You think of all the classic pop/rock artists that audiences clamor for a comeback, and you never see Sting on that shortlist. I mean, sure, Sting hasn’t really disappeared from the public eye. There was the lute album, that weird sort-of Christmas album, the better-than-you’d-imagine orchestral-greatest-hits record and the no-way-in-hell-am-I-paying-that-much-for-a career-spanning box set. Also, in case you forgot, from 2007 to 2008 he reunited The Police, one of the greatest rock bands in history, for a killer world tour.

But the last time Sting wrote an album’s worth of new material, it was 2003’s Sacred Love.

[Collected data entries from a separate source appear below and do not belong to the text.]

Definition is_X3 (mul : op2) (phi : A -> A -> A -> A) : Prop :=
  [/\ forall (a : K) x x' y z, phi (a *: x + x') y z = a *: phi x y z + phi x' y z,
      forall (a : K) x y y' z, phi x (a *: y + y') z = a *: phi x y z + phi x y' z,
      forall (a : K) x y z z', phi x y (a *: z + z') = a *: phi x y z + phi x y z',
      [/\ forall x z, phi x x z = 0, forall x y, phi x y x = 0 &
          forall x y, phi x y y = 0] &
      [/\ forall a b y z, phi (mul a b) y z = mul a (phi b y z) + mul b (phi a y z),
      forall x a b z, phi x (mul a b) z = mul a (phi x b z) + mul b (phi x a z) &
      forall x y a b, phi x y (mul a b) = mul a (phi x y b) + mul b (phi x y a)]].

Definition is_C2PA (mul : op2) (phi : op2) (om : A -> A) : Prop :=
  is_X2 mul phi /\
  [/\ forall (a : K) x, om (a *: x) = a ^+ 2 *: om x,
      forall x y, om (x + y) = om x + om y + phi x y &
      forall x y, om (mul x y) =
        mul (mul x x) (om y) + mul (mul y y) (om x) + mul (mul x y) (phi x y)].

Definition is_C3PA (mul : op2) (phi : A -> A -> A -> A) (om : A -> A -> A) : Prop :=
  is_X3 mul phi /\
  [/\ forall (a : K) x z, om (a *: x) z = a ^+ 2 *: om x z,
      forall x y z, om (x + y) z = om x z + om y z + phi x y z,
      forall x y z, om (mul x y) z =
        mul (mul x x) (om y z) + mul (mul y y) (om x z) + mul (mul x y) (phi x y z),
      forall (b : K) x z z', om x (b *: z + z') = b *: om x z + om x z' &
      forall x z z', om x (mul z z') = mul z (om x z') + mul z' (om x z)].

(* ---- A^t_k = A ⊗ K[t]/(t^(k+1)), elements represented by their coefficient
   sequences X : nat -> A (X n = coefficient of t^n); only n <= k matter. *)

Definition teq (k : nat) (X Y : nat -> A) : Prop := forall n, (n <= k)%N -> X n = Y n.

Definition tadd (X Y : nat -> A) : nat -> A := fun n => X n + Y n.

(* scalars of K^t_k represented by polynomials p (modulo t^(k+1)) *)
Definition tscale (p : {poly K}) (X : nat -> A) : nat -> A :=
  fun n => \sum_(j < n.+1) p`_j *: X (n - j)%N.

Definition defM (br : op2) (mu : nat -> op2) (i : nat) : op2 :=
  if i == 0%N then br else mu i.
Definition defW (sq : A -> A) (om : nat -> A -> A) (i : nat) : A -> A :=
  if i == 0%N then sq else om i.

(* mu_(k) = sum_i t^i M_i, extended K^t_k-bilinearly *)
Definition tbr (M : nat -> op2) (X Y : nat -> A) : nat -> A :=
  fun n => \sum_(i < n.+1) \sum_(a < n.+1) \sum_(b < n.+1 | (i + a + b == n)%N)
             M i (X a) (Y b).

(* omega_(k) = sum_i t^i W_i, extended by omega(lam X) = lam^2 omega(X) and
   omega(X+Y) = omega(X)+omega(Y)+mu(X,Y):
   omega(sum_a t^a x_a) = sum_a t^(2a) omega(x_a) + sum_(a<b) t^(a+b) mu(x_a,x_b) *)
Definition tsq (M : nat -> op2) (W : nat -> A -> A) (X : nat -> A) : nat -> A :=
  fun n => \sum_(i < n.+1) \sum_(a < n.+1 | (i + a.*2 == n)%N) W i (X a)
         + \sum_(i < n.+1) \sum_(a < n.+1) \sum_(b < n.+1 | (a < b)%N && (i + a + b == n)%N)
             M i (X a) (X b).

Definition is_restricted_lie_tk (k : nat)
    (L : (nat -> A) -> (nat -> A) -> (nat -> A)) (P : (nat -> A) -> (nat -> A)) : Prop :=
  [/\ forall p X Y Z, teq k (L (tadd (tscale p X) Y) Z) (tadd (tscale p (L X Z)) (L Y Z)),
      forall p X Y Z, teq k (L X (tadd (tscale p Y) Z)) (tadd (tscale p (L X Y)) (L X Z)),
      forall X, teq k (L X X) (fun=> 0),
      forall X Y Z, teq k (tadd (tadd (L X (L Y Z)) (L Y (L Z X))) (L Z (L X Y))) (fun=> 0) &
      [/\ forall p X, teq k (P (tscale p X)) (tscale (p * p) (P X)),
      forall X Y, teq k (P (tadd X Y)) (tadd (tadd (P X) (P Y)) (L X Y)) &
      forall X Y, teq k (L (P X) Y) (L X (L X Y))]].

Definition formal_deformation (k : nat) (mul br : op2) (sq : A -> A)
    (mu : nat -> op2) (om : nat -> A -> A) : Prop :=
  (forall i, (1 <= i <= k)%N -> is_C2PA mul (mu i) (om i)) /\
  is_restricted_lie_tk k (tbr (defM br mu)) (tsq (defM br mu) (defW sq om)).

Definition obs1 (k : nat) (mu : nat -> op2) (x y z : A) : A :=
  \sum_(1 <= i < k.+1)
     (mu i x (mu (k.+1 - i)%N y z) + mu i y (mu (k.+1 - i)%N z x)
      + mu i z (mu (k.+1 - i)%N x y)).

Definition obs2 (k : nat) (mu : nat -> op2) (om : nat -> A -> A) (x y : A) : A :=
  \sum_(1 <= i < k.+1)
     (mu i y (om (k.+1 - i)%N x) + mu i x (mu (k.+1 - i)%N x y)).

End RPA.

From HB Require Import structures.
From mathcomp Require Import all_boot all_order all_algebra zify.
Set Implicit Arguments. Unset Strict Implicit. Unset Printing Implicit Defensive.
Import GRing.Theory.
Local Open Scope ring_scope.

(* The theorem is a statement about cochains only: it uses that each
   (mu_i, om_i) lies in C^2_PA(A), never the deformation equations.  Writing
   obs1 = sum_i circ mu_i mu_(k+1-i) and obs2 = sum_i circ_sq mu_i mu_(k+1-i)
   om_(k+1-i), every axiom of C^3_PA holds summand-wise up to a defect of the
   form D(mu_i, mu_j) + D(mu_j, mu_i).  Summed over the antidiagonal i + j = k+1
   these defects appear twice each, hence cancel in characteristic 2. *)

Section ExponentTwo.
Variable V : zmodType.
Hypothesis addxx : forall v : V, v + v = 0.

Lemma addr0_eq (u v : V) : u + v = 0 -> u = v.
Proof. by move=> uv0; rewrite -[u]addr0 -(addxx v) addrA uv0 add0r. Qed.

Lemma mulrn_even (v : V) n : ~~ odd n -> v *+ n = 0.
Proof.
move=> /negbTE even_n.
by rewrite -(odd_double_half n) even_n add0n -muln2 mulrnA mulr2n addxx.
Qed.

Lemma sum_even_count (I : eqType) (s : seq I) (F : I -> V) :
  all (fun i => ~~ odd (count_mem i s)) s -> \sum_(i <- s) F i = 0.
Proof.
move=> /allP even_s; rewrite -big_undup_iterop_count big1_seq // => i.
by rewrite mem_undup => /even_s ?; rewrite Monoid.iteropE iter_addr_0 mulrn_even.
Qed.

Inductive zexpr := ZAtom of nat | ZAdd of zexpr & zexpr | ZZero.

Fixpoint zeval (env : seq V) (e : zexpr) : V :=
  match e with
  | ZAtom n => env`_n
  | ZAdd e1 e2 => zeval env e1 + zeval env e2
  | ZZero => 0
  end.

Fixpoint zatoms (e : zexpr) : seq nat :=
  match e with
  | ZAtom n => [:: n]
  | ZAdd e1 e2 => zatoms e1 ++ zatoms e2
  | ZZero => [::]
  end.

Lemma zevalE env e : zeval env e = \sum_(n <- zatoms e) env`_n.
Proof.
elim: e => [n | e1 IH1 e2 IH2 |] /=; first by rewrite big_seq1.
  by rewrite big_cat IH1 IH2.
by rewrite big_nil.
Qed.

Lemma zeval_eq env e1 e2 :
  let s := zatoms e1 ++ zatoms e2 in all (fun n => ~~ odd (count_mem n s)) s ->
  zeval env e1 = zeval env e2.
Proof. by move=> s even_s; apply: addr0_eq; rewrite !zevalE -big_cat sum_even_count. Qed.

End ExponentTwo.

(* Proves an equality between sums in a group of exponent 2 by comparing the
   parities of the multiplicities of each summand; summands are compared
   syntactically, so products must be normalised beforehand. *)
Ltac zmem t l :=
  lazymatch l with
  | nil => constr:(false)
  | cons t _ => constr:(true)
  | cons _ ?l' => zmem t l'
  end.
Ltac zindex t l :=
  lazymatch l with
  | cons t _ => constr:(O)
  | cons _ ?l' => let n := zindex t l' in constr:(S n)
  end.
Ltac zcollect t env :=
  lazymatch t with
  | @GRing.add _ ?a ?b => let env := zcollect a env in zcollect b env
  | @GRing.zero _ => env
  | _ => lazymatch zmem t env with true => env | false => constr:(cons t env) end
  end.
Ltac zreify t env :=
  lazymatch t with
  | @GRing.add _ ?a ?b =>
      let ea := zreify a env in let eb := zreify b env in constr:(ZAdd ea eb)
  | @GRing.zero _ => constr:(ZZero)
  | _ => let n := zindex t env in constr:(ZAtom n)
  end.
Ltac char2_abel addxx :=
  lazymatch goal with |- @eq ?T ?L ?R =>
    let env := zcollect L (@nil T) in let env := zcollect R env in
    let eL := zreify L env in let eR := zreify R env in
    change (zeval env eL = zeval env eR);
    apply: (zeval_eq addxx); vm_compute; reflexivity
  end.

Section LinearMap.
Variables (K : fieldType) (U V : lmodType K) (f : U -> V).
Hypothesis f_lin : linear f.
Let lf : {linear U -> V} := HB.pack f (GRing.isLinear.Build K U V *:%R f f_lin).

Lemma linD x y : f (x + y) = f x + f y. Proof. exact: (raddfD lf). Qed.
Lemma lin0 : f 0 = 0. Proof. exact: (raddf0 lf). Qed.
Lemma linZ a x : f (a *: x) = a *: f x. Proof. exact: (@linearZZ _ _ _ lf a x). Qed.
Lemma lin_sum (I : Type) (r : seq I) (P : pred I) (F : I -> U) :
  f (\sum_(i <- r | P i) F i) = \sum_(i <- r | P i) f (F i).
Proof. exact: (linear_sum lf). Qed.

End LinearMap.

Lemma pchar2_addxx (K : fieldType) (A : lmodType K) :
  2%N \in [pchar K] -> forall v : A, v + v = 0.
Proof. by move=> char2 v; rewrite -mulr2n -scaler_nat (pcharf0 char2) scale0r. Qed.

Section Cochains.
Variables (K : fieldType) (A : lmodType K) (mul : A -> A -> A).
Hypothesis mulP : is_comm_assoc mul.
Hypothesis addxx : forall v : A, v + v = 0.

Lemma mulC x y : mul x y = mul y x. Proof. by case: mulP. Qed.
Lemma mulA x y z : mul x (mul y z) = mul (mul x y) z. Proof. by case: mulP. Qed.
Lemma mulCA x y z : mul x (mul y z) = mul y (mul x z).
Proof. by rewrite mulA (mulC x) -mulA. Qed.

Lemma mul_linl z : linear (mul^~ z).
Proof. by case: mulP => mul_lin _ _ a x y; apply: mul_lin. Qed.
Lemma mul_linr z : linear (mul z).
Proof. by move=> a x y; rewrite !(mulC z); apply: mul_linl. Qed.

Lemma mulDl x y z : mul (x + y) z = mul x z + mul y z.
Proof. exact: (linD (mul_linl z) x y). Qed.
Lemma mulDr x y z : mul z (x + y) = mul z x + mul z y.
Proof. exact: (linD (mul_linr z) x y). Qed.
Lemma mulZl a x z : mul (a *: x) z = a *: mul x z.
Proof. exact: (linZ (mul_linl z) a x). Qed.
Lemma mulZr a x z : mul z (a *: x) = a *: mul z x.
Proof. exact: (linZ (mul_linr z) a x). Qed.
Lemma mulr0 z : mul z 0 = 0. Proof. exact: (lin0 (mul_linr z)). Qed.
Lemma mul_sumr a (I : Type) (r : seq I) (P : pred I) (F : I -> A) :
  mul a (\sum_(i <- r | P i) F i) = \sum_(i <- r | P i) mul a (F i).
Proof. exact: (lin_sum (mul_linr a)). Qed.

Section Biderivation.
Variable phi : A -> A -> A.
Hypothesis phiP : is_X2 mul phi.

Lemma bider_linl z : linear (phi^~ z).
Proof. by case: phiP => phi_lin _ _ _ _ a x y; apply: phi_lin. Qed.
Lemma bider_linr z : linear (phi z).
Proof. by case: phiP => _ phi_lin _ _ _ a x y; apply: phi_lin. Qed.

Which was…okay, I guess. Between the satisfying adult contemporary/world music hybrid of 2000’s Brand New Day and everything that he’s done since, it’s easy to forget that Sacred Love even happened. The New York Times reports, however, that a new album is finally afoot: Sting’s eighth solo LP, The Last Ship, is on the schedule for a September 24 release from Cherrytree/Interscope/A&M.

The Last Ship is based on the musical of the same name that Sting’s spent much of his free time working on. It’s described by the Times as “a homecoming story set against the backdrop of the decline of the shipbuilding industry in Newcastle during the 1980s.” (Rather excitingly, it sounds like a spiritual sequel to The Soul Cages, Sting’s dark, underrated 1991 album released after the death of his father.) The show, angling for a 2014 run on Broadway, has quite the pedigree: co-writers John Logan and Brian Yorkey worked on the screenplay to Skyfall and the Pulitzer Prize-winning musical Next to Normal, respectively; the show’s director is Joe Mantello, who helped make Wicked one of the biggest smashes in Broadway history.

The report has the music of The Last Ship as typical diverse Sting fare, from folk-based waltzes to jazz-funk exercises. Let’s hope it’s at least half as interesting as The Soul Cages.